Читаем Чародей полностью

Однажды Брокки взял меня с собой в редакцию газеты, принадлежащей его отцу, и там после краткого разговора с младшим редактором показал мне рельефные картонные формы, розовые, размером с газетную страницу: на них был выдавлен завтрашний комикс. Эти страницы вставляли в машину для изготовления стереотипов, которая отливала на их основе металлические матрицы.

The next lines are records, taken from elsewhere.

(* Let $A\in\mathbb{R}^{n\times n}$, $B\in\mathbb{R}^{n\times m}$, $C\in\mathbb{R}^{p\times n}$ with $(A,C)$ observable and $(A,B)$ reachable, let $\ell$ be the observability index of $(A,C)$, and let $\mathbf{A}_\ell,\mathbf{B}_\ell$ be as in the context. Then the pair $(\mathbf{A}_\ell,\mathbf{B}_\ell)$ is reachable if and only if $p\ell=n$.
   Context: The observability index $\ell$ of an observable pair $(A,C)$ is the smallest $l$ with $\operatorname{rank}[C;CA;\dots;CA^{l-1}]=n$. Define $\mathcal{O}_\ell=[C;CA;\dots;CA^{\ell-1}]$; $\mathcal{T}_\ell\in\mathbb{R}^{p\ell\times m\ell}$ block lower triangular with $(i,j)$ block equal to $CA^{i-j-1}B$ if $i>j$ and $0$ otherwise; $\mathcal{R}_\ell=[A^{\ell-1}B\ \cdots\ AB\ B]$; $\mathcal{O}_\ell^{L}$ a fixed left inverse of $\mathcal{O}_\ell$. $\mathbf{F}_\ell=\mathrm{blockdiag}(S_p,S_m)$ where $S_q\in\mathbb{R}^{q\ell\times q\ell}$ has blocks $I_q$ at block positions $(i,i+1)$, $i=1,\dots,\ell-1$, zeros elsewhere; $\mathbf{L}_\ell\in\mathbb{R}^{(p\ell+m\ell)\times p}$ has $I_p$ in rows $p\ell-p+1,\dots,p\ell$, zeros elsewhere; $\mathbf{B}_\ell\in\mathbb{R}^{(p\ell+m\ell)\times m}$ has $I_m$ in its last $m$ rows, zeros elsewhere. $Z_\ell=[CA^\ell\mathcal{O}_\ell^L\ \ C\mathcal{R}_\ell-CA^\ell\mathcal{O}_\ell^L\mathcal{T}_\ell]$ and $\mathbf{A}_\ell=\mathbf{F}_\ell+\mathbf{L}_\ell Z_\ell$. *)

From mathcomp Require Import all_boot all_order all_algebra.
Set Implicit Arguments. Unset Strict Implicit. Unset Printing Implicit Defensive.
Import GRing.Theory Num.Theory.
Local Open Scope ring_scope.

(* Block indexing: an index i : 'I_(q * l) of a vector made of l blocks of
   size q is split into its block number (0-based, < l) and its position
   inside the block (0-based, < q): i = q * blk_hi i + blk_lo i. *)
Lemma blk_hi_proof (q l : nat) (i : 'I_(q * l)) : (i %/ q < l)%N.
Proof. case: q i => [|q] [i Hi] //=; by rewrite ltn_divLR // mulnC. Qed.

Lemma blk_lo_proof (q l : nat) (i : 'I_(q * l)) : (i %% q < q)%N.
Proof. case: q i => [|q] [i Hi] //=; by rewrite ltn_mod. Qed.

Definition blk_hi (q l : nat) (i : 'I_(q * l)) : 'I_l := Ordinal (blk_hi_proof i).
Definition blk_lo (q l : nat) (i : 'I_(q * l)) : 'I_q := Ordinal (blk_lo_proof i).

Section Defs.
Variable R : fieldType.

(* O_l = [C; CA; ...; CA^(l-1)] *)
Definition obsv_mx (n p : nat) (A : 'M[R]_n) (C : 'M[R]_(p, n)) (l : nat)
  : 'M[R]_(p * l, n) :=
  \matrix_(i, j) (C *m A ^+ (blk_hi i)) (blk_lo i) j.

(* Reachability (controllability) matrix [B AB ... A^(k-1)B] *)
Definition ctrb_mx (n m : nat) (A : 'M[R]_n) (B : 'M[R]_(n, m)) (k : nat)
  : 'M[R]_(n, m * k) :=
  \matrix_(a, j) (A ^+ (blk_hi j) *m B) a (blk_lo j).

Definition observable (n p : nat) (A : 'M[R]_n) (C : 'M[R]_(p, n)) : bool :=
  \rank (obsv_mx A C n) == n.

Definition reachable (n m : nat) (A : 'M[R]_n) (B : 'M[R]_(n, m)) : bool :=
  \rank (ctrb_mx A B n) == n.

Definition is_obs_index (n p : nat) (A : 'M[R]_n) (C : 'M[R]_(p, n)) (l : nat)
  : Prop :=
  \rank (obsv_mx A C l) = n /\ forall k, (k < l)%N -> \rank (obsv_mx A C k) != n.

(* T_l : block lower triangular, (i,j) block = C A^(i-j-1) B if i > j, else 0 *)
Definition toep_mx (n m p : nat) (A : 'M[R]_n) (B : 'M[R]_(n, m))
  (C : 'M[R]_(p, n)) (l : nat) : 'M[R]_(p * l, m * l) :=
  \matrix_(i, j)
    (if (blk_hi j < blk_hi i)%N
     then (C *m A ^+ (blk_hi i - blk_hi j - 1) *m B) (blk_lo i) (blk_lo j)
     else 0).

(* R_l = [A^(l-1)B ... AB B] *)
Definition rev_ctrb_mx (n m : nat) (A : 'M[R]_n) (B : 'M[R]_(n, m)) (l : nat)
  : 'M[R]_(n, m * l) :=
  \matrix_(a, j) (A ^+ (l - 1 - blk_hi j) *m B) a (blk_lo j).

(* S_q : identity blocks I_q at block positions (i, i+1) *)
Definition shift_mx (q l : nat) : 'M[R]_(q * l) :=
  \matrix_(i, j) ((blk_hi j == (blk_hi i).+1 :> nat) && (blk_lo i == blk_lo j))%:R.

(* q*l x q matrix with I_q in its last q rows (last block) *)
Definition last_blk_mx (q l : nat) : 'M[R]_(q * l, q) :=
  \matrix_(i, j) ((blk_hi i == l.-1 :> nat) && (blk_lo i == j))%:R.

– Вот они, видишь. На каждой – целая неделя смеха и суровой уличной мудрости. Их недаром называют стереотипами: они воплощают в себе то, во что верят или что считают самоочевидным большинство людей. Читатель распознает чужую глупость или непредусмотрительность и гордится, что он гораздо умнее. Когда Матт надевает Джеффу плевательницу на голову, миллионы простых душ испытывают дрожь восторга. Когда Мэгги бьет Джиггса скалкой и у него над головой появляется пузырь с надписью «Ка-БУМ!», у миллиона притерпевшихся друг к другу несчастливых мужей и жен происходит мгновенная разрядка напряжения. И потом, понимаешь, это в самом деле смешно. Не забывай. То, что под пером Софокла могло бы превратиться в трагедию, становится комедией в четырех-пяти кадрах ежедневного комикса. Пока живут смешные картинки, Аристофан не умер до конца.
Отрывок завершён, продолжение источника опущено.